Emma Sandoe and David Grabowski/Daily News:
Just how badly the Senate's health bill will eviscerate Medicaid: Understanding the devastating mechanics of the cuts
Medicaid provides health insurance for the poorest and most vulnerable among us — including children, pregnant women, older adults and disabled persons. It also pays for most long-term care for those who need assistance because of diseases like Alzheimer's. BCRA, which is estimated to reduce Medicaid spending by roughly one-fourth, is going to lead to a lot of these individuals losing coverage.
The Senate health bill dramatically changes the financing structure of the Medicaid program. For the last 52 years, the Medicaid program has been jointly funded by the states and the federal government.
Thus, if there is a disease outbreak or the emergence of a new expensive cure, the federal government funds a percentage of the amount a state spends on Medicaid via what is known as a match rate.
Greg Sargent/WaPo:
Don’t sugarcoat this.
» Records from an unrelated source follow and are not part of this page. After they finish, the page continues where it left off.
(* Let $(\mathcal{P},d)$ be a 1-2-metric and $\alpha>0$. Every strategy profile that is a Greedy Equilibrium of the greedy-routing network creation game on $(\mathcal{P},d)$ with edge price $\alpha$ yields a network $G(\mathbf{s})$ that is a Domination Set Graph.
   Context: A 1-2-metric is a finite metric space $(\mathcal{P},d)$ with $d(u,v)\in\{1,2\}$ for all distinct $u,v$; arcs of length 1 (resp. 2) are called 1-edges (resp. 2-edges). Game: the agents are the points of $\mathcal{P}$. A strategy of agent $u$ is $S_u\subseteq\mathcal{P}\setminus\{u\}$; a profile $\mathbf{s}=(S_u)_u$ defines the directed network $G(\mathbf{s})$ on $\mathcal{P}$ with arcs $(u,v)$, $v\in S_u$, of length $d(u,v)$. A greedy path from $u$ to $v$ is a directed path $u=x_1,\dots,x_j=v$ of arcs with $d(x_i,v)>d(x_{i+1},v)$ for all $i$. $\mathrm{stretch}(u,v)$ is the minimum length of a greedy path from $u$ to $v$ divided by $d(u,v)$, or a fixed sufficiently large penalty constant $Z$ if no greedy path exists. The cost of $u$ is $c_u(\mathbf{s})=\sum_{v\ne u}\mathrm{stretch}_{G(\mathbf{s})}(u,v)+\alpha|S_u|$. A profile is a Greedy Equilibrium (GE) if no agent $u$ can strictly decrease $c_u$ by changing $S_u$ through adding one element, deleting one element, or replacing one element by another one (swap), with all other strategies fixed. Notation for a directed network $G$ on $\mathcal{P}$ and node $u$: $N(u)$ is the set of out-neighbours of $u$; $W_1(u)=\{v\in N(u):d(u,v)=1\}$; $W_2(u)=\{v\in N(u):d(u,v)=2\}$; $W_{1\to1}(u)$ is the set of nodes $w\ne u$ such that there is $v$ with $d(u,v)=d(v,w)=1$ and $(u,v),(v,w)$ arcs of $G$; $W_2^+(u)=W_2(u)\cap W_{1\to1}(u)$. $G^1_{-u}$ is the directed graph on $\mathcal{P}\setminus\{u\}$ having arc $(v,w)$ for every pair with $d(v,w)=1$. A set $D$ of vertices of a directed graph $H$ is dominating if every vertex of $H$ not in $D$ has an in-neighbour in $D$. A Domination Set Graph (DSG) is a directed network $G$ on $\mathcal{P}$ such that (i) $G$ contains every arc $(v,w)$ with $d(v,w)=1$; (ii) for every node $u$, $N(u)$ is dominating in $G^1_{-u}$; (iii) for every node $u$ there is no set $N'\subseteq\mathcal{P}\setminus\{u\}$, obtained from $N(u)$ by deleting one element or by replacing one element by another, such that $N'$ contains all $v$ with $d(u,v)=1$, $N'$ is dominating in $G^1_{-u}$, and $|\{v\in N': d(u,v)=2\}\cap W_{1\to1}(u)|<|W_2^+(u)|$. *)

From HB Require Import structures.
From mathcomp Require Import all_boot all_order all_algebra.
Set Implicit Arguments. Unset Strict Implicit. Unset Printing Implicit Defensive.
Import Order.TTheory GRing.Theory Num.Theory.
Local Open Scope ring_scope.

Section Game.
Variable P : finType.
Variable d : P -> P -> nat.

(* 1-2-metric: d u u = 0, symmetric, values in {1,2} on distinct points
   (the triangle inequality then holds automatically). *)
Definition one_two_metric : Prop :=
  (forall u, d u u = 0%N) /\ (forall u v, d u v = d v u) /\
  (forall u v, u != v -> d u v = 1%N \/ d u v = 2%N).

(* A strategy profile: S u is the strategy of agent u; the network G(S) has
   arc (u,v) iff v \in S u. *)
Definition profile := P -> {set P}.

Definition valid_profile (S : profile) : Prop := forall u, u \notin S u.

Definition is_greedy (S : profile) (v x : P) (p : seq P) : bool :=
  path (fun a b => (b \in S a) && (d b v < d a v)%N) x p && (last x p == v).

Definition plen (x : P) (p : seq P) : nat := sumn (pairmap d x p).

(* all sequences of points with at most #|P|-1 entries (so paths with at most
   #|P| nodes); every greedy path has pairwise distinct nodes (distances to
   the target strictly decrease), so every greedy path is among them. *)
Definition cands : seq (seq P) :=
  flatten (map (fun k => map (@tval k P) (enum {: k.-tuple P})) (iota 0 #|P|)).

Definition greedy_lens (S : profile) (u v : P) : seq nat :=
  [seq plen u p | p <- cands & is_greedy S v u p].

Variable R : realFieldType.

Definition stretch (Z : R) (S : profile) (u v : P) : R :=
  match greedy_lens S u v with
  | [::] => Z
  | l :: ls => (foldr minn l ls)%:R / (d u v)%:R
  end.

Definition cost (Z alpha : R) (S : profile) (u : P) : R :=
  \sum_(v | v != u) stretch Z S u v + alpha * #|S u|%:R.

Definition upd (S : profile) (u : P) (T : {set P}) : profile :=
  fun x => if x == u then T else S x.

Definition one_move (u : P) (A B : {set P}) : Prop :=
  u \notin B /\
  ((exists v, B = v |: A) \/ (exists v, v \in A /\ B = A :\ v) \/
   (exists v w, v \in A /\ w \notin A /\ B = w |: (A :\ v))).

Definition greedy_equilibrium (Z alpha : R) (S : profile) : Prop :=
  valid_profile S /\
  forall u T, one_move u (S u) T -> ~ (cost Z alpha (upd S u T) u < cost Z alpha S u).

Definition dominating (u : P) (D : {set P}) : Prop :=
  forall w, w != u -> w \notin D ->
    exists x, [/\ x \in D, x != u & d x w = 1%N].

Definition W11 (S : profile) (u : P) : {set P} :=
  [set w | (w != u) &&
     [exists v, [&& d u v == 1%N, v \in S u, d v w == 1%N & w \in S v]]].

Definition W2 (S : profile) (u : P) : {set P} := [set v in S u | d u v == 2%N].

Definition W2plus (S : profile) (u : P) : {set P} := W2 S u :&: W11 S u.

Definition del_or_swap (u : P) (A B : {set P}) : Prop :=
  u \notin B /\
  ((exists v, v \in A /\ B = A :\ v) \/
   (exists v w, v \in A /\ w \notin A /\ B = w |: (A :\ v))).

Definition DSG (S : profile) : Prop :=
  (forall v w, d v w = 1%N -> w \in S v) /\
  (forall u, dominating u (S u)) /\
  (forall u N', del_or_swap u (S u) N' ->
     ~ [/\ (forall v, d u v = 1%N -> v \in N'),
           dominating u N' &
           (#|[set v in N' | d u v == 2%N] :&: W11 S u| < #|W2plus S u|)%N]).

End Game.

From HB Require Import structures.
From mathcomp Require Import all_boot all_order all_algebra zify lra.
Import Order.TTheory GRing.Theory Num.Theory.
Local Open Scope ring_scope.

(* In a 1-2-metric a greedy path has at most two arcs, so a finite stretch is
   1 or 3/2, and it is 1 exactly when (u,v) is an arc or d(u,v) = 2 and v lies
   in W_{1->1}(u).  Once Z >= alpha + 2, an agent with no greedy path to some
   target gains Z - 1 > alpha by buying that arc; hence in an equilibrium every
   target is greedily reachable, which forces all 1-edges and domination.
   For the last condition, the cost of u before the move is at least, and
   after a deletion or swap keeping the 1-edges and domination at most, the
   sum over targets v of 1 + [d(u,v) = 2, v outside W_{1->1}(u) and v not
   bought] / 2, plus alpha per bought arc.  Counting N(u) by distance and by
   membership in W_{1->1}(u) shows that a move losing a point of W_2^+(u)
   thereby saves alpha (deletion) or 1/2 (swap). *)

Lemma mem_cands (P : finType) (p : seq P) : (size p < #|P|)%N -> p \in cands P.
Proof.
move=> sp; apply/flatten_mapP; exists (size p); first by rewrite mem_iota.
by apply/mapP; exists (in_tuple p); rewrite ?mem_enum.
Qed.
Trump just called for 32 million people to lose health coverage.
Trump, it pains me to inform you, is the president. When he calls on Congress to do something, he is basically saying that he would sign it if they did do it. There is no reason to treat this as trivial or frivolous simply because Trump is an ignoramus and a buffoon. Indeed, Republicans have in fact voted for repealmultiple times in the past. The only reason they aren’t doing so right now is because repeal cannot pass, now that there is a Republican in the White House who would actually sign such a bill. (Yes, Trump would sign such a bill in two seconds. He called for one today, remember?)
In this sense, Trump’s tweet is actually kind of useful. It reveals once again that Republicans have been running a massive scam on Obamacare for years.